DS4PS / cpp-523-fall-2019

Course shell for CPP 523 Foundations of Program Evaluation I for Fall 2019.
http://ds4ps.org/cpp-523-fall-2019/
6 stars 3 forks source link

Final Exam #16

Open lecy opened 5 years ago

lecy commented 5 years ago

Feel free to ask any questions about review questions or the practice exam that you don't understand.

Jigarci3 commented 5 years ago

Hello, I need clarification on one f the 7 sins of regression- Multicollinearity. "The higher the multicollinearity, the smaller B will be, which means larger the standard errors.

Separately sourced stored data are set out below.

Lemma cubic_poly_separable (p : {poly rat}) : cubic_poly p -> separable_poly p.
Proof.
move=> [/monicP lead_p [size_p irr_p]].
have dp_neq0 : p^`() != 0.
  apply: contraTneq isT => /(congr1 (fun q : {poly rat} => q`_2)).
  by rewrite coef_deriv coef0 [p`_3](_ : _ = 1) // -lead_p /lead_coef size_p.
rewrite separable_poly.unlock /coprimep; apply/negPn/negP => gcd_nonconst.
have /andP [_ p_dvd_gcd] := irr_p _ gcd_nonconst (dvdp_gcdl p p^`()).
have /(dvdp_leq dp_neq0) := dvdp_trans p_dvd_gcd (dvdp_gcdr p p^`()).
by rewrite leqNgt lt_size_deriv ?irredp_neq0.
Qed.

Lemma cubic_poly_factor (F : numClosedFieldType) (p : {poly rat}) :
  cubic_poly p -> exists z1 z2 z3 : F,
    map_poly ratr p = \prod_(z <- [:: z1; z2; z3]) ('X - z%:P) /\
    uniq [:: z1; z2; z3].
Proof.
move=> cubic_p; have [/monicP lead_p [size_p _]] := cubic_p.
have [r Er] := closed_field_poly_normal (map_poly (ratr : rat -> F) p).
rewrite lead_coef_map lead_p rmorph1 scale1r in Er.
have sep : separable_poly (map_poly (ratr : rat -> F) p).
  move: (cubic_poly_separable cubic_p).
  by rewrite !separable_poly.unlock deriv_map coprimep_map.
have : size r = 3%N.
  by have := size_prod_XsubC r id; rewrite -Er size_map_poly size_p; case.
case: r Er => [|z1 [|z2 [|z3 []]]] // Er _.
by exists z1, z2, z3; rewrite -separable_prod_XsubC -Er.
Qed.

Lemma dvdp_irreducible_common_root (F : numFieldType) (p g : {poly rat}) (z : F) :
  irreducible_poly p -> root (map_poly ratr p) z -> root (map_poly ratr g) z ->
  p %| g.
Proof.
move=> irr_p pz gz.
have gcd_root : root (map_poly (ratr : rat -> F) (gcdp p g)) z.
  by rewrite gcdp_map root_gcd pz gz.
have : size (gcdp p g) != 1%N.
  apply: contraTneq gcd_root => /eqP/size_poly1P [c c_neq0 ->].
  by rewrite map_polyC rootC fmorph_eq0.
move=> /irr_p /(_ (dvdp_gcdl p g)) /andP [_ /dvdp_trans]; apply.
exact: dvdp_gcdr.
Qed.

Lemma horner_map_int_comp (F : numFieldType) (q : {poly int}) (f : {poly rat}) (x : F) :
  (map_poly ratr (map_poly intr q \Po f)).[x] =
  (map_poly intr q).[(map_poly ratr f).[x]].
Proof.
rewrite map_comp_poly horner_comp -map_poly_comp.
by congr (_.[_]); apply: eq_map_poly => b /=; rewrite rmorph_int.
Qed.

Lemma in_OK_Aint (p f : {poly rat}) (z : algC) :
  root (map_poly ratr p) z -> in_OK p f -> (map_poly ratr f).[z] \in Aint.
Proof.
move=> pz [_ [q [monic_q /dvdpP [r Er]]]].
apply: (@root_monic_Aint (map_poly intr q)); last first.
- by apply/polyOverP => i; rewrite coef_map /= rpred_int.
- exact: monic_map.
by rewrite /root -horner_map_int_comp Er rmorphM /= hornerM (eqP pz) mulr0.
Qed.

Lemma Aint_in_OK (p f : {poly rat}) (z : algC) :
  irreducible_poly p -> root (map_poly ratr p) z -> inK f ->
  (map_poly ratr f).[z] \in Aint -> in_OK p f.
Proof.
move=> irr_p pz f_small /floorpP [q Eq]; split => //; exists q; split.
  have [m [Em monic_m] _] := minCpolyP (map_poly ratr f).[z].
  have /monicP : map_poly (intr : int -> algC) q \is monic.
    by rewrite -Eq Em map_monic.
  rewrite lead_coef_map_inj //; last exact: intr_inj.
  by move=> lead_q; apply/monicP/eqP; rewrite -(eqr_int algC) lead_q.
apply: (dvdp_irreducible_common_root irr_p pz).
by rewrite /root horner_map_int_comp -Eq; exact: root_minCpoly.
Qed.

Lemma in_OKB (p f g : {poly rat}) :
  cubic_poly p -> in_OK p f -> in_OK p g -> in_OK p (f - g).
Proof.
move=> [_ [size_p irr_p]] OK_f OK_g.
have [z pz] : exists z : algC, root (map_poly ratr p) z.
  by apply/closed_rootP; rewrite size_map_poly size_p.
apply: (Aint_in_OK irr_p pz).
  rewrite /inK (leq_trans (size_add _ _)) // size_opp geq_max.
  by rewrite OK_f.1 OK_g.1.
by rewrite rmorphB hornerD hornerN rpredB ?(in_OK_Aint pz).
Qed.

Lemma common_denominator (s : seq rat) :
  exists D : int, 0 < D /\ forall x, x \in s -> D%:~R * x \is a Num.int.
Proof.
elim: s => [|x s [D [D_gt0 Ds]]]; first by exists 1.
exists (denq x * D); split; first by rewrite mulr_gt0.
move=> y; rewrite inE => /orP [/eqP -> | ys].
  by rewrite intrM mulrAC [_ * x]mulrC -numqE rpredM ?rpred_int.
by rewrite intrM -mulrA rpredM ?rpred_int ?Ds.
Qed.

Lemma in_OK_common_denominator (p : {poly rat}) (d : int) : is_disc p d ->
  exists D : int, 0 < D /\
    forall f, in_OK p f -> forall k, (k < 3)%N -> D%:~R * f`_k \is a Num.int.
Proof.
move=> [w [OK_w [_ [span_w _]]]].
have [D [D_gt0 Dw]] := common_denominator
  [seq (w i)`_k | i <- enum 'I_3, k <- iota 0 3].
exists D; split => // f /span_w [c ->] k k_lt3.
rewrite coef_sum mulr_sumr rpred_sum // => i _.
rewrite coefZ mulrCA rpredM ?rpred_int // Dw //.
by apply: allpairs_f; rewrite ?mem_enum ?mem_iota.
Qed.

Lemma perm3_complete (T : eqType) (s : seq T) (a b : T) :
  size s = 3%N -> a \in s -> b \in s -> b != a ->
  exists v, perm_eq [:: a; b; v] s.
Proof.
move=> size_s a_s b_s ba.
have pa := perm_to_rem a_s.
have b_rem : b \in rem a s by move: b_s; rewrite (perm_mem pa) inE (negPf ba).
have pb := perm_to_rem b_rem.
have : size (rem b (rem a s)) = 1%N by rewrite !size_rem ?size_s.
case E : (rem b (rem a s)) => [|v []] // _; exists v.
by rewrite perm_sym (perm_trans pa) // perm_cons -E.
Qed.

Section ComplexEmbeddings.
Local Open Scope complex_scope.
Variable R : realType.
Implicit Types (a z : R[i]) (f p : {poly rat}).

Local Notation Re := (@complex.Re R).
Local Notation Im := (@complex.Im R).
Local Notation ev f z := (map_poly ratr f).[z].

Lemma ltc_normc a (Y : R) : (`|a| < Y%:C) = (normc a < Y).
Proof. by rewrite normc_def ltcR; case: a. Qed.

Lemma lec_normc (a : R[i]) (Y : R) : (`|a| <= Y%:C) = (normc a <= Y).
Proof. by rewrite normc_def lecR; case: a. Qed.

Lemma normc_Re a : `|Re a| <= normc a.
Proof.
case: a => x y /=; rewrite -sqrtr_sqr ler_sqrt ?addr_ge0 ?sqr_ge0 //.
by rewrite lerDl sqr_ge0.
Qed.

Lemma normc_Im a : `|Im a| <= normc a.
Proof.
case: a => x y /=; rewrite -sqrtr_sqr ler_sqrt ?addr_ge0 ?sqr_ge0 //.
by rewrite lerDr sqr_ge0.
Qed.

When standard errors are large the confidence intervals are bigger and it is less likely that the slope will be statistically significant."

What is B? Is it the unexplained variance of X?

Thanks!

lecy commented 5 years ago

B here is just the variance of X1 after the control X2 is removed.

image

lecy commented 5 years ago

@Jigarci3

It's not the unexplained variance of X1 (we use the phrases "explained" and "unexplained" with the DV Y usually). It is the portion that is uncorrelated with X2, so the portion that will remain if both X1 and X2 are included in the regression together.

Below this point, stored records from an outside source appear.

(* A family of grid points containing no pair [t, s] with [s >= t + w]
   componentwise is small: it embeds into (points with a zero coordinate) x
   'I_w via g |-> (g - min g, min g mod w). *)
Lemma card_no_shifted_pair w (P : {pred G}) : 0 < w ->
  (forall t s, t \in P -> s \in P -> ~ (forall i, t i + w <= s i)) ->
  #|P| <= w * (d * N ^ d.-1).
Proof.
move=> w0 noP.
pose code g := (sub_min_coord g, Ordinal (ltn_pmod (min_coord g) w0)).
have code_inj : {in P &, injective code}.
  move=> t s Pt Ps; wlog le_ts : t s Pt Ps / min_coord t <= min_coord s.
    move=> H cts; have [le|/ltnW le] := leqP (min_coord t) (min_coord s).
      exact: H.
    exact: esym (H s t Ps Pt le (esym cts)).
  rewrite /code => -[eq_sub eq_mod].
  have shift := shift_of_sub_min_coord eq_sub le_ts.
  have [lt_ts|ge_ts] := ltnP (min_coord t) (min_coord s).
    exfalso; apply: (noP t s Pt Ps) => i; rewrite shift leq_add2l.
    by apply: dvdn_leq; rewrite ?subn_gt0 // -eqn_mod_dvd // eq_mod.
  by apply/ffunP => i; apply/val_inj; rewrite /= shift; lia.
rewrite -(card_in_imset code_inj).
pose S := [set s : G | [exists i, s i == 0 :> nat]].
apply: (@leq_trans #|finset.setX S [set: 'I_w]|).
  apply: subset_leq_card; apply/fintype.subsetP => _ /imsetP [g _ ->].
  rewrite !inE andbT; apply/existsP.
  by exists [arg min_(i < Ordinal d0) (g i : nat)]; rewrite ffunE /= subnn.
by rewrite cardsX cardsT card_ord mulnC leq_mul2l card_has_coord0 orbT.
Qed.

End grid_combinatorics.

Section leb_outer_basics.
Variables (R : realType) (d : nat).
Implicit Types (a b : 'rV[R]_d) (A B : set 'rV[R]_d).
Local Notation mu := (@leb_outer R d).

Lemma box_vol_ge0 a b : 0 <= box_vol a b.
Proof. by apply: prodr_ge0 => i _; rewrite le_max lexx orbT. Qed.

Lemma box_vol_eq0 a b i : b ord0 i < a ord0 i -> box_vol a b = 0.
Proof. by move=> ba; rewrite /box_vol (bigD1 i) //= max_r ?mul0r //; lra. Qed.

Lemma leb_outer_ge0 A : (0 <= mu A)%E.
Proof.
apply: le_ereal_inf_tmp => _ [a [b [_ ->]]].
by apply: nneseries_ge0 => k _ _; rewrite lee_fin box_vol_ge0.
Qed.

Lemma le_leb_outer A B : A `<=` B -> (mu A <= mu B)%E.
Proof.
move=> AB; apply: ereal_inf_le_tmp => _ [a [b [cov ->]]].
by exists a, b; split => //; exact: subset_trans cov.
Qed.

Lemma leb_outer_le_cover A (a b : nat -> 'rV[R]_d) :
  A `<=` \bigcup_k box (a k) (b k) ->
  (mu A <= \sum_(0 <= k <oo) (box_vol (a k) (b k))%:E)%E.
Proof. by move=> cov; apply: ereal_inf_lbound; exists a, b. Qed.

Variable d0 : (0 < d)%N.

(* A finite cover is padded with the empty box [[1, 0]], which needs d > 0:
   in dimension 0 every box has volume 1. *)
Lemma leb_outer_le_finite_cover A (a b : nat -> 'rV[R]_d) M :
  A `<=` [set x | exists2 k, (k < M)%N & box (a k) (b k) x] ->
  (mu A <= (\sum_(k < M) box_vol (a k) (b k))%:E)%E.
Proof.
move=> cov.
pose a' k := if (k < M)%N then a k else const_mx 1.
pose b' k := if (k < M)%N then b k else const_mx 0.
apply: (le_trans (@leb_outer_le_cover A a' b' _)).
  by move=> x /cov [k kM bx]; exists k => //; rewrite /a' /b' kM.
rewrite (nneseries_split 0 M); last by move=> k _; rewrite lee_fin box_vol_ge0.
rewrite add0n eseries0 ?adde0 => [|k kM _]; last first.
  by rewrite /a' /b' ltnNge kM /= (@box_vol_eq0 _ _ (Ordinal d0)) // !mxE ltr01.
rewrite sumEFin big_mkord lee_fin (eq_bigr (fun k : 'I_M => box_vol (a k) (b k))) //.
by move=> k _; rewrite /a' /b' ltn_ord.
Qed.

Lemma leb_outer0 : mu set0 = 0%E.
Proof.
apply/eqP; rewrite eq_le leb_outer_ge0 andbT.
have := @leb_outer_le_finite_cover set0 (fun=> 0) (fun=> 0) 0 (fun _ => False_ind _).
by rewrite big_ord0.
Qed.

Lemma leb_outer_le_finset_cover (I : finType) (Q : {set I}) (a b : I -> 'rV[R]_d) A :
  A `<=` [set x | exists2 g, g \in Q & box (a g) (b g) x] ->
  (mu A <= (\sum_(g in Q) box_vol (a g) (b g))%:E)%E.
Proof.
move=> cov; have [g0 Qg0|Q0] := pickP (mem Q); last first.
  apply: (le_trans (le_leb_outer (B := set0) _)).
    by move=> x /cov [g Qg _]; have := Q0 g; rewrite /= Qg.
  by rewrite leb_outer0 lee_fin sumr_ge0 // => g _; exact: box_vol_ge0.
pose s := enum Q.
apply: (le_trans (@leb_outer_le_finite_cover A (fun k => a (nth g0 s k))
                   (fun k => b (nth g0 s k)) (size s) _)).
  move=> x /cov [g Qg bx]; exists (index g s); first by rewrite index_mem mem_enum.
  by rewrite nth_index // mem_enum.
pose vol g := box_vol (a g) (b g).
rewrite lee_fin -(big_mkord xpredT (fun k => vol (nth g0 s k))).
by rewrite -(big_nth g0 xpredT vol) big_enum.
Qed.

End leb_outer_basics.

Lemma eq_box_vol (R : realType) (d : nat) (a b a' b' : 'rV[R]_d) :
  box a b = box a' b' -> box_vol a b = box_vol a' b'.
Proof.
move=> E.
have [[i ba]|/forallNP ab] := pselect (exists i, b ord0 i < a ord0 i).
  rewrite (box_vol_eq0 ba).
  have [[j b'a']|/forallNP a'b'] := pselect (exists j, b' ord0 j < a' ord0 j).
    by rewrite (box_vol_eq0 b'a').
  have : box a' b' a' by split=> // j; rewrite leNgt; apply/negP/a'b'.
  by rewrite -E => -[+ /(_ i)] => /(_ i); lra.
have {}ab i : a ord0 i <= b ord0 i by rewrite leNgt; apply/negP/ab.
have [[a'_le_a a_le_b'] [_ b_le_b']] : box a' b' a /\ box a' b' b.
  by rewrite -E; split; split=> // i.
have [[a_le_a' _] [_ b'_le_b]] : box a b a' /\ box a b b'.
  by rewrite E; split; split=> // i; apply: le_trans (a'_le_a i) (a_le_b' i).
apply: eq_bigr => i _.
have -> : a ord0 i = a' ord0 i by apply/eqP; rewrite eq_le a'_le_a a_le_a'.
by have -> : b ord0 i = b' ord0 i by apply/eqP; rewrite eq_le b_le_b' b'_le_b.
Qed.

(* The library's outer measure [mu_ext] lives on a semiring of sets. On the
   discrete sigma-algebra of R^d it is the covering construction above, which
   gives countable subadditivity for free. *)
Definition discrete_mtype (T : Type) : Type := T.
HB.instance Definition _ (T : pointedType) := Pointed.on (discrete_mtype T).
HB.instance Definition _ (T : pointedType) :=
  @isMeasurable.Build default_measure_display (discrete_mtype T)
    discrete_measurable discrete_measurable0
    discrete_measurableC discrete_measurableU.

Section leb_outer_subadditive.
Variables (R : realType) (d : nat).
Implicit Types (a b : 'rV[R]_d) (A B : set 'rV[R]_d).
Local Notation mu := (@leb_outer R d).
Local Notation V := (discrete_mtype 'rV[R]_d).

Definition box_content (X : set V) : \bar R :=
  ereal_inf [set y | exists a b, X = box a b /\ y = (box_vol a b)%:E].

Lemma box_content_ge0 X : (0 <= box_content X)%E.
Proof.
by apply: le_ereal_inf_tmp => _ [a [b [_ ->]]]; rewrite lee_fin box_vol_ge0.
Qed.

Lemma box_content_box a b : box_content (box a b) = (box_vol a b)%:E.
Proof.
apply/eqP; rewrite eq_le; apply/andP; split.
  by apply: ereal_inf_lbound; exists a, b.
by apply: le_ereal_inf_tmp => _ [a' [b' [/eq_box_vol -> ->]]].
Qed.

Lemma box_content_nonbox X : ~ (exists a b, X = box a b) -> box_content X = +oo%E.
Proof.
move=> nbox; rewrite /box_content (_ : [set y | _] = set0) ?ereal_inf0 //.
by apply/seteqP; split => // y [a [b [E _]]]; apply: nbox; exists a, b.
Qed.

Lemma leb_outer_mu_ext A : mu A = mu_ext box_content A.
Proof.
apply/eqP; rewrite eq_le; apply/andP; split; last first.
  apply: le_ereal_inf_tmp => _ [a [b [cov ->]]].
  apply: ge_ereal_inf; exists (\sum_(0 <= k <oo) box_content (box (a k) (b k)))%E.
    by exists (fun k => box (a k) (b k)).
  by apply: lee_nneseries => [k _ _|k _]; rewrite ?box_content_ge0 ?box_content_box.
apply: le_ereal_inf_tmp => _ [F [_ cov] <-].
have [[k /box_content_nonbox Fk]|/forallNP Fbox] :=
  pselect (exists k, ~ (exists a b, F k = box a b)).
  rewrite (eseries_pinfty _ _ Fk) ?leey // => n _.
  by rewrite gt_eqF // (lt_le_trans _ (box_content_ge0 _)) // ltNy0.
have /choice [f Ff] : forall k, exists ab : 'rV[R]_d * 'rV[R]_d, F k = box ab.1 ab.2.
  by move=> k; have [a [b E]] := contrapT (Fbox k); exists (a, b).
apply: (le_trans
  (leb_outer_le_cover (a := fun k => (f k).1) (b := fun k => (f k).2) _)).
  by move=> x /cov [k _ Fx]; exists k => //; rewrite -Ff.
apply: lee_nneseries => [k _ _|k _]; first by rewrite lee_fin box_vol_ge0.
by rewrite Ff box_content_box.
Qed.

Lemma leb_outer_sigma_subadditive (F : nat -> set 'rV[R]_d) :
  (mu (\bigcup_n F n) <= \sum_(0 <= n <oo) mu (F n))%E.
Proof.
rewrite leb_outer_mu_ext.
apply: le_trans (@mu_ext_sigma_subadditive _ V R box_content box_content_ge0 F) _.
apply: lee_nneseries => [k _ _|k _]; first exact: mu_ext_ge0 box_content_ge0 _.
by rewrite leb_outer_mu_ext.
Qed.

Lemma leb_outer_setU (d0 : (0 < d)%N) A B : (mu (A `|` B) <= mu A + mu B)%E.
Proof.
pose F n := if n == 0%N then A else if n == 1%N then B else set0.
apply: (le_trans (@le_leb_outer R d (A `|` B) (\bigcup_n F n) _)).
  by move=> x [Ax|Bx]; [exists 0%N | exists 1%N].
apply: (le_trans (leb_outer_sigma_subadditive F)).
rewrite (nneseries_split 0 2); last by move=> k _; exact: leb_outer_ge0.
rewrite add0n eseries0 ?adde0 => [|[|[|k]] //= _ _]; last exact: leb_outer0.
by rewrite big_nat_recr //= big_nat_recr //= big_geq // add0e.
Qed.

End leb_outer_subadditive.

Lemma grid_index (R : realType) (M : nat) (lo hi x : R) : lo <= x -> x <= hi ->
  exists k : 'I_M.+1, lo + k%:R * ((hi - lo) / M.+1%:R) <= x
                        <= lo + k.+1%:R * ((hi - lo) / M.+1%:R).
Proof.
move=> lox xhi; set h := (hi - lo) / M.+1%:R.
have N0 : 0 < M.+1%:R :> R by rewrite ltr0n.
have hN : hi - lo = M.+1%:R * h by rewrite /h mulrC divfK ?gt_eqF.
have h0 : 0 <= h by rewrite /h divr_ge0 ?subr_ge0 ?(le_trans lox) // ltW.
have [h_eq0|hpos] := eqVneq h 0.
  by exists ord0; rewrite h_eq0 !mulr0 !addr0; apply/andP; split; nra.
have {hpos h0} hpos : 0 < h by rewrite lt_neqAle eq_sym hpos.
pose t := (x - lo) / h.
have tE : t * h = x - lo by rewrite divfK ?gt_eqF.
have /andP[t_lo t_hi] : (Num.truncn t)%:R <= t < (Num.truncn t).+1%:R.
  by apply: truncn_itv; rewrite /t divr_ge0 ?subr_ge0 // ltW.
have [le_tM|lt_Mt] := leqP (Num.truncn t) M.
  exists (Ordinal (le_tM : Num.truncn t < M.+1)%N) => /=.
  have : t * h < (Num.truncn t).+1%:R * h by rewrite ltr_pM2r.
  have := ler_wpM2r (ltW hpos) t_lo.
  by move=> ? ?; apply/andP; split; lra.
exists ord_max => /=.
have M_le_t : M%:R <= t by apply: le_trans t_lo; rewrite ler_nat ltnW.
have := ler_wpM2r (ltW hpos) M_le_t.
by move=> ?; apply/andP; split; lra.
Qed.

Section grid.
Variables (R : realType) (d : nat) (a b : 'rV[R]_d) (M : nat).
Local Notation N := M.+1.
Local Notation G := {ffun 'I_d -> 'I_N}.
Local Notation mu := (@leb_outer R d).
Implicit Types (g t s : G) (x y : 'rV[R]_d).

Definition mesh i : R := (b ord0 i - a ord0 i) / N%:R.
Definition cell_lo (c : nat) g : 'rV[R]_d :=
  \row_i (a ord0 i + ((g i)%:R - c%:R) * mesh i).
Definition cell_hi (e : nat) g : 'rV[R]_d :=
  \row_i (a ord0 i + ((g i)%:R + e%:R) * mesh i).
(* [cell 0 1 g] is the grid cell of [g]; [cell c e g] is that cell extended
   by [c] cells below and [e - 1] cells above in every direction. *)
Definition cell c e g := box (cell_lo c g) (cell_hi e g).
Definition cell_vol : R := \prod_i mesh i.

Hypothesis hab : vle a b.

Lemma mesh_ge0 i : 0 <= mesh i.
Proof. by rewrite /mesh divr_ge0 // subr_ge0 hab. Qed.

Lemma cell_vol_ge0 : 0 <= cell_vol.
Proof. by apply: prodr_ge0 => i _; exact: mesh_ge0. Qed.

Lemma box_vol_cell g : box_vol (cell_lo 0 g) (cell_hi 1 g) = cell_vol.
Proof.
apply: eq_bigr => i _.
by rewrite !mxE [X in Num.max X _](_ : _ = mesh i) ?max_l ?mesh_ge0 //; ring.
Qed.

Lemma box_vol_grid : box_vol a b = N%:R ^+ d * cell_vol.
Proof.
rewrite -[d in N%:R ^+ d]card_ord -prodr_const -big_split /=.
apply: eq_bigr => i _; rewrite max_l ?subr_ge0 ?hab //.
by rewrite /mesh mulrC divfK // pnatr_eq0.
Qed.

Lemma cell_cover x : box a b x -> exists g, cell 0 1 g x.
Proof.
move=> [ax xb].
have /fin_all_exists [k hk] : forall i, exists k : 'I_N,
    a ord0 i + k%:R * mesh i <= x ord0 i <= a ord0 i + k.+1%:R * mesh i.
  by move=> i; exact: grid_index (ax i) (xb i).
exists [ffun i => k i]; split => i; rewrite !mxE ffunE;
  by have := hk i; rewrite -natr1 => /andP[? ?]; lra.
Qed.

Lemma cell_hi_le_lo c e t s : (forall i, t i + (c + e) <= s i)%N ->
  vle (cell_hi e t) (cell_lo c s).
Proof.
move=> ts i; rewrite !mxE lerD2l ler_wpM2r ?mesh_ge0 // lerBrDr -!natrD ler_nat.
by have := ts i; lia.
Qed.

Lemma cell_enlarge r g x y : (forall i, mesh i = r) -> cell 0 1 g x ->
  (forall i, `|x ord0 i - y ord0 i| < r) -> cell 1 2 g y.
Proof.
move=> mesh_r [lo_x x_hi] xy; split => i; move: (lo_x i) (x_hi i) (xy i);
  rewrite !mxE mesh_r ltr_norml -!natr1 => ? ? /andP[? ?]; lra.
Qed.

Definition cells_meeting c e (X Y : set 'rV[R]_d) : {set G} :=
  [set g | `[< cell c e g `&` X !=set0 /\ cell c e g `&` Y !=set0 >]].

Hypothesis d0 : (0 < d)%N.

Lemma leb_outer_le_cells A (Q : {set G}) :
  A `<=` [set x | exists2 g, g \in Q & cell 0 1 g x] ->
  (mu A <= (#|Q|%:R * cell_vol)%:E)%E.
Proof.
move=> /(leb_outer_le_finset_cover d0)/le_trans; apply.
rewrite lee_fin (eq_bigr (fun=> cell_vol)) ?sumr_const ?mulr_natl //.
by move=> g _; rewrite box_vol_cell.
Qed.

Lemma card_cells_meeting c e X Y : (0 < c + e)%N ->
  (forall p q, X p -> Y q -> ~ vle p q) ->
  (#|cells_meeting c e X Y| <= (c + e) * (d * N ^ d.-1))%N.
Proof.
move=> ce0 XY; apply: card_no_shifted_pair => // t s.
rewrite !inE => -[[p [[_ p_le_t] Xp]] _] [_ [q [[s_le_q _] Yq]]] ts.
apply: (XY p q Xp Yq) => i; apply: le_trans (p_le_t i) (le_trans _ (s_le_q i)).
exact: cell_hi_le_lo.
Qed.

Lemma cell_vol_mul k : (k * N ^ d.-1)%:R * cell_vol = k%:R * box_vol a b / N%:R.
Proof.
rewrite box_vol_grid -[in N%:R ^+ d](prednK d0) exprS natrM natrX.
by field; rewrite addrC natr1 pnatr_eq0.
Qed.

Variables (x0 : 'rV[R]_d) (K : set 'rV[R]_d).
Hypothesis hK : OU x0 K.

B becomes very small then, resulting in large standard errors. It is an extreme case of adding a correlated control variable.

If X2 is an important competing hypothesis then it is necessary to include in the model, and if it erases the direct effects of X1 then that helps us understand that X1 might not be the true causal vector (think about the example with drugs, environmental factors, and developmental issues with infants - drugs went away as the main explanation after controlling for environment).

Measurement error is specifically a problem if we accidentally include several variables that are basically measures of the same thing. They then cancel each other out. If you use census data and include poverty and unemployment rates in the same model you will find that neither is significant - it is because they are both measures of very similar constructs and so they cancel each other out in the model and might impact your understanding of the mechanisms as a result. When independent variables are highly-correlated we need to make sure it is meaningful to include them both (if one is a competing hypothesis, for example) or if we are not just deleting a bunch of useful variance by carelessness.

sunaynagoel commented 5 years ago

Professor @lecy Can you please activate the link for final ?

lecy commented 5 years ago

It should be active.

castower commented 5 years ago

Hello all,

I'm a little confused about question 10 on the Practice Exam:

"What is the largest level of confidence you can choose for the confidence interval around the slope estimate for the Experience coefficient before it crosses zero?"

To clarify, are all of the independent variables automatically measured to the highest level possible before they become insignificant?

Specifically, in the example, it does not have any asterisks to indicate that is is significant at the 99% level (.01 significance) or 90% level (.10). Therefore, I am assuming that the fact that Experience only has .3063 level of significance means that the highest level is somewhere around 69%, but want to be sure this is the right reasoning.

Thanks, Courtney

castower commented 5 years ago

One more question, in the bonus questions, is it okay to estimate the pi symbol is equal to 3.14?

Thanks!

lecy commented 5 years ago

That's correct. The p-value tells you the size of a confidence interval you can draw before the CI contains the null (crosses zero).

image

I see why you might get confused on the bonus, but the Greek symbol pi is just another symbol for a slope, like a1, b1, B1, etc. The question is asking you to solve for pi_1 (the slope in that regression model).

JasonSills commented 5 years ago

@lecy - just confirming the due date and time. I have Thursday at 11:59 in an email, but in the assignment and schedule list I'm seeing Saturday at 11:59. I'm wondering if I should submit tomorrow or if I have a weekend day complete. Thanks!

lecy commented 5 years ago

@JasonSills Technically the semester ends Thursday, but grades are due Monday. I wanted to make sure there was at least one weekend day for the projects if people are working full-time.

So yes, I will accept the assignments up until Saturday 11:59pm without penalty.

JasonSills commented 4 years ago

@lecy Question on the practice exam: (5) Name two sins of the Seven Sins that will always increase the standard error of a regression slope. I would answer this as: 1) multicolinearity; and 2) measurement error of the DV. I'm not sure if 2) is correct because it's a subset of measurement error, so measurement error as one of the sins doesn't always increase the SE. Is there another sin I'm missing?

lecy commented 4 years ago

That's correct.

Omitted variable bias, for example, will impact both the residual and var(x1), thus changing the equation from A/B to a/b. But we would have to know rate of change of A->a and B->b because it can actually increase or decrease the standard errors. So it's ambiguous.

Measurement error in the DV and multicollinearity both have unambiguous effects. They always increase the SE's.